• **Exercise details**: In the listing beneath this line, copy exactly the lines starting with the one containing "1/20 <= p1 <= 1 -> 1/20 <= p2 <= 1 ->" and going on through the one containing "- apply e_in1_le_noise; lia || lra.".

-- Extracted records follows --

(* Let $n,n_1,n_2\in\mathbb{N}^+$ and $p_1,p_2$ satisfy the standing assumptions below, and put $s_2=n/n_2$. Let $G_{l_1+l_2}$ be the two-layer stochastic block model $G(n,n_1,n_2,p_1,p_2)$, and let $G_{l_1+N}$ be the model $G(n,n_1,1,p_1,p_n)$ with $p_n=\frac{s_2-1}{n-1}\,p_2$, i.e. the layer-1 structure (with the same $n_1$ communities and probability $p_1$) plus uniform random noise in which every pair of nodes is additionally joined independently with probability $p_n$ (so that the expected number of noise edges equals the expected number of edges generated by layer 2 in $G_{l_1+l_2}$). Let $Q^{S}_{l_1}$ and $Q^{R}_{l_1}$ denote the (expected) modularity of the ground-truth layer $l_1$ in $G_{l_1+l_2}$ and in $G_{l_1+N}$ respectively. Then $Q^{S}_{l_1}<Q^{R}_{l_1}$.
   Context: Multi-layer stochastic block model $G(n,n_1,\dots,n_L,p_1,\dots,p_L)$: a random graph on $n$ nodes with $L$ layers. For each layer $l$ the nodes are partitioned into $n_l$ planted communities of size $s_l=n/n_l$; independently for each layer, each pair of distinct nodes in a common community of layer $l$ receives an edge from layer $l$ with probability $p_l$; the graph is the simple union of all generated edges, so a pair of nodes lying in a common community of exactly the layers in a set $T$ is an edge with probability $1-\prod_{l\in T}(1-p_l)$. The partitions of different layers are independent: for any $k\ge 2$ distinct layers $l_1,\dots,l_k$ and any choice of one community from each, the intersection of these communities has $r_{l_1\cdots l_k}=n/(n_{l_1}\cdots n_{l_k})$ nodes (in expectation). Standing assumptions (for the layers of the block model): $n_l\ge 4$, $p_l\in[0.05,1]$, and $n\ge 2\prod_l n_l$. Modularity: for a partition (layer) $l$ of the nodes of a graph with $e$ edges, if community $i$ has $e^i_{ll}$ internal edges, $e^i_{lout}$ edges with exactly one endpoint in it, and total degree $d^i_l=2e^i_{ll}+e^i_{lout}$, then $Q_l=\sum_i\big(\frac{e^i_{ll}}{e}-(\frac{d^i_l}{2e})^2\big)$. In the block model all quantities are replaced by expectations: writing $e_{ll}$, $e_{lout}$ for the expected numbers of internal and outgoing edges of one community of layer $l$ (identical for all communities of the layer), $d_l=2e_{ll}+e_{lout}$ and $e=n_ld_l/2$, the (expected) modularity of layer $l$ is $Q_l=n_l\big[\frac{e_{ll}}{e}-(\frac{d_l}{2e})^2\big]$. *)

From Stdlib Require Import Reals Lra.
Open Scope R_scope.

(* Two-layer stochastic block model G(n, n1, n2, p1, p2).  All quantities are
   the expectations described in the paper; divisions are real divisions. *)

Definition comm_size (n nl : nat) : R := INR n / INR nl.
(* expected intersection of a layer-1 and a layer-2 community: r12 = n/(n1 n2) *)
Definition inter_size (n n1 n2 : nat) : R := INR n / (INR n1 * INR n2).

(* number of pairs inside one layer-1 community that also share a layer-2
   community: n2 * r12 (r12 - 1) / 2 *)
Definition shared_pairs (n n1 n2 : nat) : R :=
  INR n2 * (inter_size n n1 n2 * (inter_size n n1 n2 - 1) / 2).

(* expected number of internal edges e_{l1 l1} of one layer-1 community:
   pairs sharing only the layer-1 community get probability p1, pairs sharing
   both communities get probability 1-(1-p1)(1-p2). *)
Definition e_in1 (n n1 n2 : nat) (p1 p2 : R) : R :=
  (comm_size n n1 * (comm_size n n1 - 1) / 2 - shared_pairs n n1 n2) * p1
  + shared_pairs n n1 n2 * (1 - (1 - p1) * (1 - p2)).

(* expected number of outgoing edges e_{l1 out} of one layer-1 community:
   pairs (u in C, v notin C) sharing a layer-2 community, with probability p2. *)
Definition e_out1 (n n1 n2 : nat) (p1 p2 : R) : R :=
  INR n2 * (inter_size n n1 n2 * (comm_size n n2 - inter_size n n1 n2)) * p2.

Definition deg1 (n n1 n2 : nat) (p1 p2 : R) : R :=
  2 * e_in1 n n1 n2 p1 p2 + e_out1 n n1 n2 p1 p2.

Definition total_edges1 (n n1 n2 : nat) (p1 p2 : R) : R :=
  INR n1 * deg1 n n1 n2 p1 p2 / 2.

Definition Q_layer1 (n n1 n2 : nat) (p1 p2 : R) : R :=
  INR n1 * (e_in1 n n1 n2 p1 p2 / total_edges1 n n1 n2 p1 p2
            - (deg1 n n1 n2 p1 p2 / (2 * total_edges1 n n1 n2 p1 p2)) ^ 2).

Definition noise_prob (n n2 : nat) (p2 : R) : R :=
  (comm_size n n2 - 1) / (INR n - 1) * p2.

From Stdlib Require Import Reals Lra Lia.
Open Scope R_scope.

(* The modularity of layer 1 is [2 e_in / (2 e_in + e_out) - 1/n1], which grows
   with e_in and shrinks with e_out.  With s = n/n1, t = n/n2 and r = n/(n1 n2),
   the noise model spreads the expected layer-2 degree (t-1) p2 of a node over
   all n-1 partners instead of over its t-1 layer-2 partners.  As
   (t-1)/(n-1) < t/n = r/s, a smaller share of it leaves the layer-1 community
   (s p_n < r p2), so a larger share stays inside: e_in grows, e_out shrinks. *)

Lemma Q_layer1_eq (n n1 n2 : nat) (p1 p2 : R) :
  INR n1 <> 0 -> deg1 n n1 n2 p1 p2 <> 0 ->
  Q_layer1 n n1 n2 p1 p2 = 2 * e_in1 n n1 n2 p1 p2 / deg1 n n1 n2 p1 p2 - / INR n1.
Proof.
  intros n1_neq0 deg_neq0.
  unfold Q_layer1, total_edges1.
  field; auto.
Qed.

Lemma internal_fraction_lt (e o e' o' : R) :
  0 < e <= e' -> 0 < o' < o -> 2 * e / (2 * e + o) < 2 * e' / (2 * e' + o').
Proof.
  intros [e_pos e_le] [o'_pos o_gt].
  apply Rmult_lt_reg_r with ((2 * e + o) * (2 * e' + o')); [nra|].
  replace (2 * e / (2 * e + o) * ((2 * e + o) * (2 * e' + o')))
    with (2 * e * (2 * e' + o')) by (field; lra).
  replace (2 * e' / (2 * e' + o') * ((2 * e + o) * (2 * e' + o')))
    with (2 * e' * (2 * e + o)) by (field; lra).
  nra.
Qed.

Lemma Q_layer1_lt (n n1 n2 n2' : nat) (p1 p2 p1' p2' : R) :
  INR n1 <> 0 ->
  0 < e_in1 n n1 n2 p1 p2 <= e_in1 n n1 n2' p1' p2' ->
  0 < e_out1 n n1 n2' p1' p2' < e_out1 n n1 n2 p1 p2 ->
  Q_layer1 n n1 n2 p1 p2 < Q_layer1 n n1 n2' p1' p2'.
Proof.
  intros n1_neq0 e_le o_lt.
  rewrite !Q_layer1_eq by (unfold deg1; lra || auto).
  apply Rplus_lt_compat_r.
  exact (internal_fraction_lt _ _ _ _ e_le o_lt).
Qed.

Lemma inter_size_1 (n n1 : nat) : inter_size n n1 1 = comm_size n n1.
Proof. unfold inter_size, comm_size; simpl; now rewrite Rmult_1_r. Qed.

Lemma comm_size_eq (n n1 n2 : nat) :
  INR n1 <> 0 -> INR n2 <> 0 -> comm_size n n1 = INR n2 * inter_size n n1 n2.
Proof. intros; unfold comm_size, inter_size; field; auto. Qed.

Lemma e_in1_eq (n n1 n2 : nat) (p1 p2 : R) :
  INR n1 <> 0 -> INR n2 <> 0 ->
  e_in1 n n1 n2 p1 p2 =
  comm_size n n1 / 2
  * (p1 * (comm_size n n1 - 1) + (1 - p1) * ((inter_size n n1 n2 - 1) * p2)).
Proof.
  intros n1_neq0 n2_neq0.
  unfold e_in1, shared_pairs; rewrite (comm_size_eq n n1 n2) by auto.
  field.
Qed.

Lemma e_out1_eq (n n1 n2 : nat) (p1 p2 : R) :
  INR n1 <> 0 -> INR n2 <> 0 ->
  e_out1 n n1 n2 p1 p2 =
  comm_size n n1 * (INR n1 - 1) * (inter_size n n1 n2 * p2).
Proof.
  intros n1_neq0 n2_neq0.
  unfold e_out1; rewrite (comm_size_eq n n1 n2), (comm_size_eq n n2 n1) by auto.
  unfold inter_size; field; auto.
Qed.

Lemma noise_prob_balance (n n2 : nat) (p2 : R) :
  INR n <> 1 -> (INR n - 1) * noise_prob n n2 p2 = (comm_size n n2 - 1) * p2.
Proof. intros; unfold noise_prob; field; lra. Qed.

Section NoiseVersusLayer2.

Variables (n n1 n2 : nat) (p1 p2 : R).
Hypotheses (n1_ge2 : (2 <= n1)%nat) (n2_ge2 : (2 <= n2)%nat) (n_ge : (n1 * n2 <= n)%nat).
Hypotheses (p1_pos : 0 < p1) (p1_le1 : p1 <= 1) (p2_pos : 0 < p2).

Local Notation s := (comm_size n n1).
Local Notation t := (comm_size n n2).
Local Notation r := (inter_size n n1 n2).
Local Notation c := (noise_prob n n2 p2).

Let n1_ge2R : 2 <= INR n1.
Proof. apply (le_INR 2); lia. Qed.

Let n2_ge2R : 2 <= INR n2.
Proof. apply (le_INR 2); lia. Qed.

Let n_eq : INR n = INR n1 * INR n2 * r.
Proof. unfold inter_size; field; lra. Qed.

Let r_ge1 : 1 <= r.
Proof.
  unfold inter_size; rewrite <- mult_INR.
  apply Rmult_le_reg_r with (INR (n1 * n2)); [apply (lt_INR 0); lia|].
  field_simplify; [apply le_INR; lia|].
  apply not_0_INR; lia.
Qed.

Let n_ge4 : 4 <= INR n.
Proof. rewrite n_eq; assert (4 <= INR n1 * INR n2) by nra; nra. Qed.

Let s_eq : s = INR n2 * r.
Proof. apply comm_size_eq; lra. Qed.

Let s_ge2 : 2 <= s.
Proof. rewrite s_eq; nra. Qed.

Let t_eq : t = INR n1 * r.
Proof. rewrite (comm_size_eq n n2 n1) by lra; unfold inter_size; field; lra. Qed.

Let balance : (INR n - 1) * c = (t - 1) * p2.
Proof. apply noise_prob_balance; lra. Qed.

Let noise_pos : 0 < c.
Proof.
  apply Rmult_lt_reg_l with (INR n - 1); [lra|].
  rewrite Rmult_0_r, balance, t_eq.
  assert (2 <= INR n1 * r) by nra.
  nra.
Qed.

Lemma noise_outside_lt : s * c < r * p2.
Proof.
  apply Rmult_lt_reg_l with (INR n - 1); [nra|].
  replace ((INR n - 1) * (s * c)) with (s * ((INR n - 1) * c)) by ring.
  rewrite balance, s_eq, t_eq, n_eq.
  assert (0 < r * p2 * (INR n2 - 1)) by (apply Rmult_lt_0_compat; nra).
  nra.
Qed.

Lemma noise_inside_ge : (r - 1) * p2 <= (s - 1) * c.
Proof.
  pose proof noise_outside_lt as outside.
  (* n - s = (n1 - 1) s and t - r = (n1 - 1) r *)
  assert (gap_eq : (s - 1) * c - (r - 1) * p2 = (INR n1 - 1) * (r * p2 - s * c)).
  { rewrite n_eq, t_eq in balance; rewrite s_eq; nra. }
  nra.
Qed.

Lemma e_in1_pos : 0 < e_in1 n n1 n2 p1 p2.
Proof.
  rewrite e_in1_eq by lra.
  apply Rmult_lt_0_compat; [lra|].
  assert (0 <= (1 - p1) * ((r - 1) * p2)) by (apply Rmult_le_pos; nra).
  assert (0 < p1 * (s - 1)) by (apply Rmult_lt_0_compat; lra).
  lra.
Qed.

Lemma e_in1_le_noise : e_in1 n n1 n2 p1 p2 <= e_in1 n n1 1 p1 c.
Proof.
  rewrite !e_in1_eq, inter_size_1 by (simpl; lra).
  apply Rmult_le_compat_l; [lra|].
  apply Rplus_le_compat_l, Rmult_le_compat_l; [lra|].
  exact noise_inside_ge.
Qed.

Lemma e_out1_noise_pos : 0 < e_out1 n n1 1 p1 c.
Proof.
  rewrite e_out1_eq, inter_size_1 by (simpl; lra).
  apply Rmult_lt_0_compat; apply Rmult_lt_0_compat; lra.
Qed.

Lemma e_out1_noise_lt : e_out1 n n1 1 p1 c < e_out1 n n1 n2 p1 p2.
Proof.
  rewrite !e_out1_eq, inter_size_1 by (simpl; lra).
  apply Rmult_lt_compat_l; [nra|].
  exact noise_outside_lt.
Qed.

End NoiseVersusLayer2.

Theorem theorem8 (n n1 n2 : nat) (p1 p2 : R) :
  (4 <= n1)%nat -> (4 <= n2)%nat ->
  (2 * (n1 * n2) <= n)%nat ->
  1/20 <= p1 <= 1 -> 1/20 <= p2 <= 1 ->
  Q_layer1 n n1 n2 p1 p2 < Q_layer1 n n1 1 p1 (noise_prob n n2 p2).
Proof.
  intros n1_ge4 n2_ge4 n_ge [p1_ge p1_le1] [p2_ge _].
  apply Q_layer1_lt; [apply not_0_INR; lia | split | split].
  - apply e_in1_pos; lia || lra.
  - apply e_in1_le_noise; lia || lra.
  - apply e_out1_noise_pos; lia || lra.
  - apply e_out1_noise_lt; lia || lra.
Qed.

-- Extracted records concluded --

• **Solved exercise**:
  1/20 <= p1 <= 1 -> 1/20 <= p2 <= 1 ->
  Q_layer1 n n1 n2 p1 p2 < Q_layer1 n n1 1 p1 (noise_prob n n2 p2).
Proof.
  intros n1_ge4 n2_ge4 n_ge [p1_ge p1_le1] [p2_ge _].
  apply Q_layer1_lt; [apply not_0_INR; lia | split | split].
  - apply e_in1_pos; lia || lra.
  - apply e_in1_le_noise; lia || lra.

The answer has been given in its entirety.